Grief Sucks No.1: My Recent Experience with Loss

By Stranger Place - October 25, 2016

     
   
  Welcome to the series "Grief Sucks." The word "sucks" in this context doesn't have the same meaning as in "Oh, that sucks". It's not the kind of "sucks" that's appropriate when you burn your toast, fail a test, or when Bob the Drag Queen wins RPDR (no shade). No, it's the kind of "sucks" that you use when a situation is so undeniably terrible, you just have to stand awestruck in the sheer shittiness of it. You have to acknowledge what a huge blow it is before you even attempt to go on with normal life. Yeah, it could've been worse. Yes, other people definitely have it worse. But this SUCKS. 
   
That's how I felt when I lost my mom this April. I can't say it was sudden, but it really did feel sudden. She had been terminally ill with Stage Four breast cancer for two and a half years. Just to summarize, after two years of seemingly successful chemotherapy, radiation, and a mastectomy, things took a turn for the worse. I learned over my Easter break that my mom had decided to stop chemotherapy and begin palliative home care. It was jarring and very unexpected. I felt completely in the dark. Angry, scared, confused, vulnerable. I went back to school after break with the promise that my family would keep me updated on my mom's condition. I came home the following weekend and learned she was transitioning to home hospice care, so I made the decision not to go back to school. Honestly, the next week is very blurry in my memory even though it was only six months ago. The weeks following that one are even more nebulous. I mostly remember feeling angry. I was angry that I didn't know what was going on. I was angry she was trying to protect me by not telling me about her condition. I was angry that I wasn't getting the closure I felt like I needed. I was angry that now that I had my depression under control, life was about to take away my mom. But under all this anger I was just scared of what I felt incredibly unprepared for: losing my mom. 

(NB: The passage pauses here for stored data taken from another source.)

(* Let $p$ be an intrinsic cross cap of a Whitney metric $d\sigma^2$ on a $2$-manifold, and let $(u,v)$ be a local coordinate system centered at $p$ that is adjusted at $p$, with $d\sigma^2=E\,du^2+2F\,du\,dv+G\,dv^2$ and $\delta:=EG-F^2$. Then at $(u,v)=(0,0)$, $$\delta_{uu}\delta_{vv}-\delta_{uv}^2=4E\Delta,\qquad \Delta:=\det\begin{pmatrix}E&F_u&F_v\\ F_u&G_{uu}/2&G_{uv}/2\\ F_v&G_{uv}/2&G_{vv}/2\end{pmatrix}\Bigg|_{(0,0)}.$$
   Context: For a smooth positive semi-definite metric $d\sigma^2$ with $\langle\cdot,\cdot\rangle=d\sigma^2$: singular points are where it is not positive definite; $\mathcal{N}_p$ is the null space; the Kossowski pseudo-connection is $\Gamma(X,Y,Z)=\tfrac12\bigl(X\langle Y,Z\rangle+Y\langle X,Z\rangle-Z\langle X,Y\rangle+\langle[X,Y],Z\rangle-\langle[X,Z],Y\rangle-\langle[Y,Z],X\rangle\bigr)$; admissible: at each singular point $p$, $\Gamma(V_1,V_2,V_3)(p)=0$ whenever $V_3(p)\in\mathcal{N}_p$. A singular point $p$ of an admissible metric is an intrinsic cross cap if in local coordinates $(u,v)$ centered at $p$, with $\delta=EG-F^2$, $\delta_{uu}\delta_{vv}-\delta_{uv}^2\ne0$ at $p$. A Whitney metric is an admissible metric all of whose singular points are intrinsic cross caps. A coordinate system $(u,v)$ is adjusted at $p$ if $\partial_v\in\mathcal{N}_p$. *)

From Stdlib Require Import Reals List.
From Coquelicot Require Import Coquelicot.
Open Scope R_scope.

Definition pu (f : R -> R -> R) : R -> R -> R := fun u v => Derive (fun t => f t v) u.
Definition pv (f : R -> R -> R) : R -> R -> R := fun u v => Derive (fun t => f u t) v.

Fixpoint pd (w : list bool) (f : R -> R -> R) : R -> R -> R :=
  match w with
  | nil => f
  | b :: w' => (if b then pu else pv) (pd w' f)
  end.

Definition open2 (U : R -> R -> Prop) : Prop :=
  forall u v, U u v -> exists eps, 0 < eps /\
    forall u' v', Rabs (u' - u) < eps -> Rabs (v' - v) < eps -> U u' v'.

Definition cont2 (f : R -> R -> R) (u v : R) : Prop :=
  forall eps, 0 < eps -> exists d, 0 < d /\
    forall u' v', Rabs (u' - u) < d -> Rabs (v' - v) < d ->
      Rabs (f u' v' - f u v) < eps.

Definition smooth_on (U : R -> R -> Prop) (f : R -> R -> R) : Prop :=
  forall (w : list bool) u v, U u v ->
    cont2 (pd w f) u v /\
    ex_derive (fun t => pd w f t v) u /\
    ex_derive (fun t => pd w f u t) v.

(* Vector fields X = X1 d/du + X2 d/dv. *)
Definition vf := ((R -> R -> R) * (R -> R -> R))%type.

Definition vf_smooth_on (U : R -> R -> Prop) (X : vf) : Prop :=
  smooth_on U (fst X) /\ smooth_on U (snd X).

Definition act (X : vf) (f : R -> R -> R) : R -> R -> R :=
  fun u v => fst X u v * pu f u v + snd X u v * pv f u v.

Definition bracket (X Y : vf) : vf :=
  (fun u v => act X (fst Y) u v - act Y (fst X) u v,
   fun u v => act X (snd Y) u v - act Y (snd X) u v).

Definition metric (E F G : R -> R -> R) (X Y : vf) : R -> R -> R :=
  fun u v => E u v * fst X u v * fst Y u v
           + F u v * (fst X u v * snd Y u v + snd X u v * fst Y u v)
           + G u v * snd X u v * snd Y u v.

Definition Gamma (E F G : R -> R -> R) (X Y Z : vf) : R -> R -> R :=
  fun u v => / 2 * ( act X (metric E F G Y Z) u v
                   + act Y (metric E F G X Z) u v
                   - act Z (metric E F G X Y) u v
                   + metric E F G (bracket X Y) Z u v
                   - metric E F G (bracket X Z) Y u v
                   - metric E F G (bracket Y Z) X u v).

Definition qform (E F G : R -> R -> R) (u v a b : R) : R :=
  E u v * a * a + 2 * F u v * a * b + G u v * b * b.

Definition in_null (E F G : R -> R -> R) (u v a b : R) : Prop :=
  E u v * a + F u v * b = 0 /\ F u v * a + G u v * b = 0.

Definition singular_pt (E F G : R -> R -> R) (u v : R) : Prop :=
  ~ (forall a b, (a <> 0 \/ b <> 0) -> 0 < qform E F G u v a b).

Definition psd_metric_on (U : R -> R -> Prop) (E F G : R -> R -> R) : Prop :=
  smooth_on U E /\ smooth_on U F /\ smooth_on U G /\
  (forall u v, U u v -> forall a b, 0 <= qform E F G u v a b).

Definition admissible_on (U : R -> R -> Prop) (E F G : R -> R -> R) : Prop :=
  forall u v, U u v -> singular_pt E F G u v ->
    forall V1 V2 V3 : vf,
      vf_smooth_on U V1 -> vf_smooth_on U V2 -> vf_smooth_on U V3 ->
      in_null E F G u v (fst V3 u v) (snd V3 u v) ->
      Gamma E F G V1 V2 V3 u v = 0.

Definition delta (E F G : R -> R -> R) : R -> R -> R :=
  fun u v => E u v * G u v - F u v ^ 2.

Definition hess_det (f : R -> R -> R) (u v : R) : R :=
  pu (pu f) u v * pv (pv f) u v - (pv (pu f) u v) ^ 2.

(* intrinsic cross cap (in coordinates; translation to center at (u,v)
   does not change derivatives) *)
Definition intrinsic_cross_cap (U : R -> R -> Prop) (E F G : R -> R -> R) (u v : R) : Prop :=
  admissible_on U E F G /\ singular_pt E F G u v /\ hess_det (delta E F G) u v <> 0.

Definition whitney_on (U : R -> R -> Prop) (E F G : R -> R -> R) : Prop :=
  psd_metric_on U E F G /\ admissible_on U E F G /\
  (forall u v, U u v -> singular_pt E F G u v -> intrinsic_cross_cap U E F G u v).

Definition det3 (a11 a12 a13 a21 a22 a23 a31 a32 a33 : R) : R :=
  a11 * (a22 * a33 - a23 * a32)
  - a12 * (a21 * a33 - a23 * a31)
  + a13 * (a21 * a32 - a22 * a31).

(* In adjusted coordinates [(0,1)] spans the null space at p, so [F = G = 0] there, and
   admissibility applied to the coordinate fields gives [Γ(∂u,∂v,∂v) = G_u/2 = 0] and
   [Γ(∂v,∂v,∂v) = G_v/2 = 0].  Writing [δ] as half the polarized Gram determinant
   [P(X,Y) = E_X G_Y + E_Y G_X - 2 F_X F_Y] of the coefficient triple, the Leibniz rule
   [∂ P(X,Y) = P(∂X,Y) + P(X,∂Y)] gives [δ_ab = P(∂_a, ∂_b) + P(id, ∂_a∂_b)], which at p
   is [E G_ab - 2 F_a F_b].  The identity is then polynomial algebra. *)

From Stdlib Require Import Reals Lra FunctionalExtensionality.
From Coquelicot Require Import Coquelicot.
Open Scope R_scope.

Definition polar (e f g e' f' g' : R) : R := e * g' + e' * g - 2 * f * f'.

Lemma polarC e f g e' f' g' : polar e f g e' f' g' = polar e' f' g' e f g.
Proof. unfold polar; ring. Qed.

Lemma Derive_polar (e f g e' f' g' : R -> R) t :
  ex_derive e t -> ex_derive f t -> ex_derive g t ->
  ex_derive e' t -> ex_derive f' t -> ex_derive g' t ->
  Derive (fun s => polar (e s) (f s) (g s) (e' s) (f' s) (g' s)) t =
  polar (Derive e t) (Derive f t) (Derive g t) (e' t) (f' t) (g' t)
  + polar (e t) (f t) (g t) (Derive e' t) (Derive f' t) (Derive g' t).
Proof.
  intros He Hf Hg He' Hf' Hg'. unfold polar.
  apply is_derive_unique; auto_derive; [repeat split; assumption |].
  (* [auto_derive] leaves the functions eta-expanded, which [ring] treats as new atoms *)
  repeat match goal with |- context [fun x : R => ?h x] => change (fun x : R => h x) with h end.
  ring.
Qed.

Lemma open2_locally (U : R -> R -> Prop) u v :
  open2 U -> U u v -> locally u (fun t => U t v) /\ locally v (fun t => U u t).
Proof.
  intros HU Huv. destruct (HU u v Huv) as [eps [Heps Hball]].
  split; exists (mkposreal eps Heps); intros t Ht; apply Hball;
    rewrite ?Rminus_diag, ?Rabs_R0; assumption.
Qed.

Lemma pd1_ext_open (U : R -> R -> Prop) b (f g : R -> R -> R) u v :
  open2 U -> (forall a c, U a c -> f a c = g a c) -> U u v ->
  pd (b :: nil) f u v = pd (b :: nil) g u v.
Proof.
  intros HU Hfg Huv. destruct (open2_locally U u v HU Huv) as [Hu Hv].
  destruct b; simpl; unfold pu, pv; apply Derive_ext_loc.
  - exact (filter_imp _ _ (fun t Ht => Hfg t v Ht) Hu).
  - exact (filter_imp _ _ (fun t Ht => Hfg u t Ht) Hv).
Qed.

Section PolarizedGramDeterminant.

Variables (U : R -> R -> Prop) (E F G : R -> R -> R).
Hypotheses (HU : open2 U) (SE : smooth_on U E) (SF : smooth_on U F) (SG : smooth_on U G).

Definition polar_at (w1 w2 : list bool) (u v : R) : R :=
  polar (pd w1 E u v) (pd w1 F u v) (pd w1 G u v) (pd w2 E u v) (pd w2 F u v) (pd w2 G u v).

Lemma pd_polar_at b w1 w2 u v : U u v ->
  pd (b :: nil) (polar_at w1 w2) u v = polar_at (b :: w1) w2 u v + polar_at w1 (b :: w2) u v.
Proof.
  intros Huv.
  destruct (SE w1 u v Huv) as [_ [E1u E1v]], (SF w1 u v Huv) as [_ [F1u F1v]],
    (SG w1 u v Huv) as [_ [G1u G1v]], (SE w2 u v Huv) as [_ [E2u E2v]],
    (SF w2 u v Huv) as [_ [F2u F2v]], (SG w2 u v Huv) as [_ [G2u G2v]].
  destruct b; apply Derive_polar; assumption.
Qed.

Lemma delta_polar_at u v : delta E F G u v = polar_at nil nil u v / 2.
Proof. unfold delta, polar_at, polar; simpl; field. Qed.

Lemma pd_delta b u v : U u v -> pd (b :: nil) (delta E F G) u v = polar_at nil (b :: nil) u v.
Proof.
  intros Huv.
  assert (Hhalf : pd (b :: nil) (delta E F G) u v = / 2 * pd (b :: nil) (polar_at nil nil) u v).
  { destruct b; simpl; unfold pu, pv; rewrite <- Derive_scal; apply Derive_ext;
      intro t; rewrite delta_polar_at; field. }
  rewrite Hhalf, pd_polar_at by exact Huv.
  unfold polar_at at 1. rewrite polarC. fold (polar_at nil (b :: nil) u v). field.
Qed.

Lemma pd_pd_delta b1 b2 u v : U u v ->
  pd (b2 :: b1 :: nil) (delta E F G) u v
  = polar_at (b2 :: nil) (b1 :: nil) u v + polar_at nil (b2 :: b1 :: nil) u v.
Proof.
  intros Huv.
  transitivity (pd (b2 :: nil) (polar_at nil (b1 :: nil)) u v).
  - exact (pd1_ext_open U b2 (pd (b1 :: nil) (delta E F G)) _ u v HU (pd_delta b1) Huv).
  - apply pd_polar_at, Huv.
Qed.

End PolarizedGramDeterminant.

Lemma in_null_singular_pt E F G u v a b :
  in_null E F G u v a b -> (a <> 0 \/ b <> 0) -> singular_pt E F G u v.
Proof.
  intros [H1 H2] Hab Hpos. specialize (Hpos a b Hab). unfold qform in Hpos.
  assert (Hq : E u v * a * a + 2 * F u v * a * b + G u v * b * b
               = a * (E u v * a + F u v * b) + b * (F u v * a + G u v * b)) by ring.
  rewrite Hq, H1, H2 in Hpos. lra.
Qed.

Lemma pd_const c b w : pd (b :: w) (fun _ _ : R => c) = fun _ _ => 0.
Proof.
  assert (Hd : forall (b' : bool) (k : R),
             (if b' then pu else pv) (fun _ _ : R => k) = fun _ _ : R => 0).
  { intros [] k; unfold pu, pv;
      do 2 (apply functional_extensionality; intro); apply Derive_const. }
  revert b; induction w as [|b' w IH]; intro b; [apply Hd|].
  transitivity ((if b then pu else pv) (pd (b' :: w) (fun _ _ : R => c))); [reflexivity|].
  rewrite IH; apply Hd.
Qed.

Lemma cont2_const c u v : cont2 (fun _ _ : R => c) u v.
Proof.
  intros eps Heps. exists 1. split; [lra|]. intros. rewrite Rminus_diag, Rabs_R0. exact Heps.
Qed.

Lemma smooth_on_const U c : smooth_on U (fun _ _ : R => c).
Proof.
  intros [|b w] u v _; [cbn [pd] | rewrite pd_const];
    (split; [apply cont2_const | split; apply ex_derive_const]).
Qed.

Definition vf_du : vf := (fun _ _ => 1, fun _ _ => 0).
Definition vf_dv : vf := (fun _ _ => 0, fun _ _ => 1).

Lemma vf_smooth_on_du U : vf_smooth_on U vf_du.
Proof. split; simpl; apply smooth_on_const. Qed.

Lemma vf_smooth_on_dv U : vf_smooth_on U vf_dv.
Proof. split; simpl; apply smooth_on_const. Qed.

Lemma Gamma_du_dv_dv E F G u v : Gamma E F G vf_du vf_dv vf_dv u v = pu G u v / 2.
Proof.
  unfold Gamma, bracket, metric, act, pu, pv, vf_du, vf_dv; simpl.
  rewrite !Derive_const.
  rewrite (Derive_ext (fun t => E t v * 0 * 0 + F t v * (0 * 1 + 1 * 0) + G t v * 1 * 1)
             (fun t => G t v)) by (intro; ring).
  lra.
Qed.

Lemma Gamma_dv_dv_dv E F G u v : Gamma E F G vf_dv vf_dv vf_dv u v = pv G u v / 2.
Proof.
  unfold Gamma, bracket, metric, act, pu, pv, vf_dv; simpl.
  rewrite !Derive_const.
  rewrite (Derive_ext (fun t => E u t * 0 * 0 + F u t * (0 * 1 + 1 * 0) + G u t * 1 * 1)
             (fun t => G u t)) by (intro; ring).
  lra.
Qed.

Lemma admissible_null_dv U E F G u v :
  admissible_on U E F G -> U u v -> in_null E F G u v 0 1 ->
  pu G u v = 0 /\ pv G u v = 0.
Proof.
  intros Adm Huv Hnull.
  assert (Hsing : singular_pt E F G u v)
    by exact (in_null_singular_pt E F G u v 0 1 Hnull (or_intror R1_neq_R0)).
  pose proof (Adm u v Huv Hsing vf_du vf_dv vf_dv (vf_smooth_on_du U) (vf_smooth_on_dv U)
                (vf_smooth_on_dv U) Hnull) as Hu.
  pose proof (Adm u v Huv Hsing vf_dv vf_dv vf_dv (vf_smooth_on_dv U) (vf_smooth_on_dv U)
                (vf_smooth_on_dv U) Hnull) as Hv.
  rewrite Gamma_du_dv_dv in Hu. rewrite Gamma_dv_dv_dv in Hv. lra.
Qed.

Theorem proposition4p4 (U : R -> R -> Prop) (E F G : R -> R -> R) :
  open2 U -> U 0 0 ->
  whitney_on U E F G ->
  intrinsic_cross_cap U E F G 0 0 ->
  in_null E F G 0 0 0 1 ->
  hess_det (delta E F G) 0 0 =
  4 * E 0 0 *
  det3 (E 0 0)      (pu F 0 0)           (pv F 0 0)
       (pu F 0 0)   (pu (pu G) 0 0 / 2)  (pv (pu G) 0 0 / 2)
       (pv F 0 0)   (pv (pu G) 0 0 / 2)  (pv (pv G) 0 0 / 2).
Proof.
  intros HU HU0 [[SE [SF [SG _]]] [Adm _]] _ Hnull.
  destruct (admissible_null_dv U E F G 0 0 Adm HU0 Hnull) as [Gu Gv].
  destruct Hnull as [HN1 HN2].
  assert (F0 : F 0 0 = 0) by lra.
  assert (G0 : G 0 0 = 0) by lra.
  pose proof (pd_pd_delta U E F G HU SE SF SG true true 0 0 HU0) as Duu.
  pose proof (pd_pd_delta U E F G HU SE SF SG false false 0 0 HU0) as Dvv.
  pose proof (pd_pd_delta U E F G HU SE SF SG true false 0 0 HU0) as Duv.
  cbn [pd] in Duu, Dvv, Duv.
  unfold hess_det; rewrite Duu, Dvv, Duv.
  unfold polar_at, polar; cbn [pd]. rewrite F0, G0, Gu, Gv.
  unfold det3; field.
Qed.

   I remember arguing and crying and then I admitted I was scared. She was scared too. It was a kind of catharsis at that point, not the closure I wanted but a closure I’ve come to accept. The next day she was having trouble communicating and a couple days later she was taken to an inpatient hospice facility where she died within 24 hours.

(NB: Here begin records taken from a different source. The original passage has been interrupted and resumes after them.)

(* Let $\mathcal{A}$ be a probabilistic automaton with state set $Q$, and let $(u_n)_{n\in\mathbb{N}}$ and $(v_n)_{n\in\mathbb{N}}$ be sequences of words that reify limit-words $\mathbf{u}$ and $\mathbf{v}$ respectively. Then: (1) the sequence $(u_n\cdot v_n)_{n\in\mathbb{N}}$ reifies $\mathbf{u}\cdot\mathbf{v}$; (2) if $\mathbf{u}$ is idempotent, then there exists an increasing function $f:\mathbb{N}\to\mathbb{N}$ such that for every increasing function $g:\mathbb{N}\to\mathbb{N}$ with $g\ge f$ (pointwise), the sequence $(u_{g(n)}^{\,n})_{n\in\mathbb{N}}$ reifies $\mathbf{u}^\sharp$.
   Context: Fix a finite alphabet $A$. A probabilistic automaton is $\mathcal{A}=(Q,q_0,\Delta,F)$ with $Q$ finite, $q_0\in Q$, $F\subseteq Q$ and $\Delta: Q\times A\to\mathcal{D}(Q)$. For $a\in A$ let $M_a(s,t)=\Delta(s,a)(t)$, for $u=a_0\cdots a_{n-1}$ let $M_u=M_{a_0}\cdots M_{a_{n-1}}$ (identity for the empty word), and $\mathbb{P}_{\mathcal{A}}(s\xrightarrow{u}t)=M_u(s,t)$; $u^n$ denotes $u$ concatenated $n$ times. A limit-word is a map $\mathbf{u}:Q\times Q\to\{0,1\}$ such that every $s$ has some $t$ with $\mathbf{u}(s,t)=1$. Concatenation: $(\mathbf{u}\cdot\mathbf{v})(s,t)=1$ iff there is $q$ with $\mathbf{u}(s,q)=\mathbf{v}(q,t)=1$. $\mathbf{u}$ is idempotent if $\mathbf{u}\cdot\mathbf{u}=\mathbf{u}$; for idempotent $\mathbf{u}$, $s$ is $\mathbf{u}$-recurrent if for all $t$, $\mathbf{u}(s,t)=1\Rightarrow\mathbf{u}(t,s)=1$, and $\mathbf{u}^\sharp(s,t)=1$ iff $\mathbf{u}(s,t)=1$ and $t$ is $\mathbf{u}$-recurrent. A sequence of words $(w_n)_{n}$ reifies a limit-word $\mathbf{w}$ if for all states $s,t$ the sequence $\mathbb{P}_{\mathcal{A}}(s\xrightarrow{w_n}t)$ converges and $\mathbf{w}(s,t)=1\iff\lim_n\mathbb{P}_{\mathcal{A}}(s\xrightarrow{w_n}t)>0$. *)

From mathcomp Require Import all_boot all_order all_algebra.
From mathcomp Require Import all_classical all_reals all_analysis.
Set Implicit Arguments. Unset Strict Implicit. Unset Printing Implicit Defensive.
Import Order.TTheory GRing.Theory Num.Theory numFieldNormedType.Exports.
Local Open Scope ring_scope.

   I remember wanting it to be over at a certain point. I didn’t want her to be in pain and I wanted go home and cry in the shower. When it was over, the tears wouldn’t come. I was in a state of shock.

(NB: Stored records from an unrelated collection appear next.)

(* Let $T\in\mathbb{N}$, $m\in\mathbb{N}$ and $d=2^m$. Let $\mathcal{A}$ be an action set consisting of $k$ distinct length-$m$ strings of single-qubit Pauli observables. Then for any policy $\pi$ there exists an environment $\rho\in\mathcal{S}_d$ such that $$\mathbb{E}_{\rho,\pi}\big[R_T(\mathcal{A},\rho,\pi)\big]\ge\frac{3}{100}\sqrt{(k-1)T}$$ whenever $T\ge2(k-1)$.
   Context: A length-$m$ string of single-qubit Pauli observables is an operator $P_1\otimes\cdots\otimes P_m$ on $(\mathbb{C}^2)^{\otimes m}$ with each $P_j\in\{\sigma_x,\sigma_y,\sigma_z\}$ (Pauli matrices). $\mathcal{S}_d$ is the set of density matrices on $\mathbb{C}^d$. Discrete multi-armed quantum bandit with finite action set $\mathcal{A}=\{O_1,\dots,O_k\}$ of observables: in each round $t=1,\dots,T$ the learner chooses $A_t\in[k]$ according to a policy $\pi=(\pi_t)$ (distributions on $[k]$ conditioned on past actions and rewards), measures a fresh copy of $\rho$ in the eigenbasis of $O_{A_t}$ and receives the eigenvalue outcome as reward (Born rule). Regret $R_T(\mathcal{A},\rho,\pi)=\sum_{t=1}^T(\max_{O\in\mathcal{A}}\mathrm{Tr}(\rho O)-\mathrm{Tr}(\rho O_{A_t}))$; $\mathbb{E}_{\rho,\pi}$ is expectation over the induced process. *)

From HB Require Import structures.
From mathcomp Require Import all_boot all_order all_algebra.
From mathcomp Require Import complex.
From mathcomp Require Import reals.
Set Implicit Arguments. Unset Strict Implicit. Unset Printing Implicit Defensive.
Import Order.TTheory GRing.Theory Num.Theory.
Local Open Scope ring_scope.
Local Open Scope complex_scope.

Inductive pauli := sigma_x | sigma_y | sigma_z.

(* entries of the Pauli matrices, indexed by bits (false = |0>, true = |1>) *)
Definition pauli_entry (R : rcfType) (P : pauli) (b c : bool) : R[i] :=
  match P, b, c with
  | sigma_x, false, true => 1
  | sigma_x, true, false => 1
  | sigma_y, false, true => - 'i
  | sigma_y, true, false => 'i
  | sigma_z, false, false => 1
  | sigma_z, true, true => -1
  | _, _, _ => 0
  end.

(* j-th bit of the computational basis index i of (C^2)^{⊗ m} = C^(2^m) *)
Definition qbit (i j : nat) : bool := odd (i %/ 2 ^ j).

(* the operator P_1 ⊗ ... ⊗ P_m on C^(2^m): Kronecker-product entries *)
Definition pauli_string (R : rcfType) (m : nat) (P : 'I_m -> pauli)
  : 'M[R[i]]_(2 ^ m) :=
  \matrix_(r, c) \prod_(j < m) pauli_entry R (P j) (qbit r j) (qbit c j).

Definition adjmx (R : rcfType) (n : nat) (A : 'M[R[i]]_n) : 'M[R[i]]_n :=
  (map_mx conjc A)^T.

Definition density (R : rcfType) (d : nat) (rho : 'M[R[i]]_d) : Prop :=
  adjmx rho = rho /\
  (forall v : 'cV[R[i]]_d, 0 <= ((map_mx conjc v)^T *m rho *m v) 0 0) /\
  \tr rho = 1.

Definition expval (R : rcfType) (d : nat) (rho O : 'M[R[i]]_d) : R :=
  complex.Re (\tr (rho *m O)).

(* reward value of an outcome: true = eigenvalue +1, false = eigenvalue -1 *)
Definition rew (R : rcfType) (b : bool) : R := if b then 1 else -1.

(* Born rule: a Pauli string O has spectrum {+1,-1} with spectral projectors
   (I + O)/2 and (I - O)/2; probability of outcome b is Tr(rho Pi_b). *)
Definition born (R : rcfType) (d : nat) (rho O : 'M[R[i]]_d) (b : bool) : R :=
  complex.Re (\tr (rho *m ((2%:R)^-1 *: (1%:M + (rew R b)%:C *: O)))).

(* policies: distribution on actions given the past history of (action, reward) *)
Definition policy (R : rcfType) (k : nat) := seq ('I_k * bool) -> 'I_k -> R.

Definition is_policy (R : rcfType) (k : nat) (pi : policy R k) : Prop :=
  (forall h a, 0 <= pi h a) /\ (forall h, \sum_(a < k) pi h a = 1).

Section Bandit.
Variables (R : rcfType) (m k T : nat).
Variable (A : 'I_k -> 'I_m -> pauli).
Variable (rho : 'M[R[i]]_(2 ^ m)).
Variable (pi : policy R k).

Definition mu (a : 'I_k) : R := expval rho (pauli_string R (A a)).

Definition gap (a : 'I_k) : R := \big[Num.max/mu a]_(a' < k) mu a' - mu a.

Definition traj_prob (h : T.-tuple ('I_k * bool)) : R :=
  \prod_(t < T) (pi (take t h) (tnth h t).1 *
                 born rho (pauli_string R (A (tnth h t).1)) (tnth h t).2).

Definition regret (h : T.-tuple ('I_k * bool)) : R :=
  \sum_(t < T) gap (tnth h t).1.

Definition expected_regret : R :=
  \sum_(h : T.-tuple ('I_k * bool)) traj_prob h * regret h.
End Bandit.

Since then, it’s been a far from linear process. The shock has mostly subsided, but my anger and general sorrow fluctuate day to day…really hour to hour. My world has changed, but to my own credit, it hasn't stopped. I went back to school after she died to finish the semester and here I am again, still on track and still on Dean's List. Mainly, I am trying to deal with this loss in the least self-destructive way possible while still honoring what a profound loss it is. Please join me in this messy, messy process. I'm far from figuring it out myself.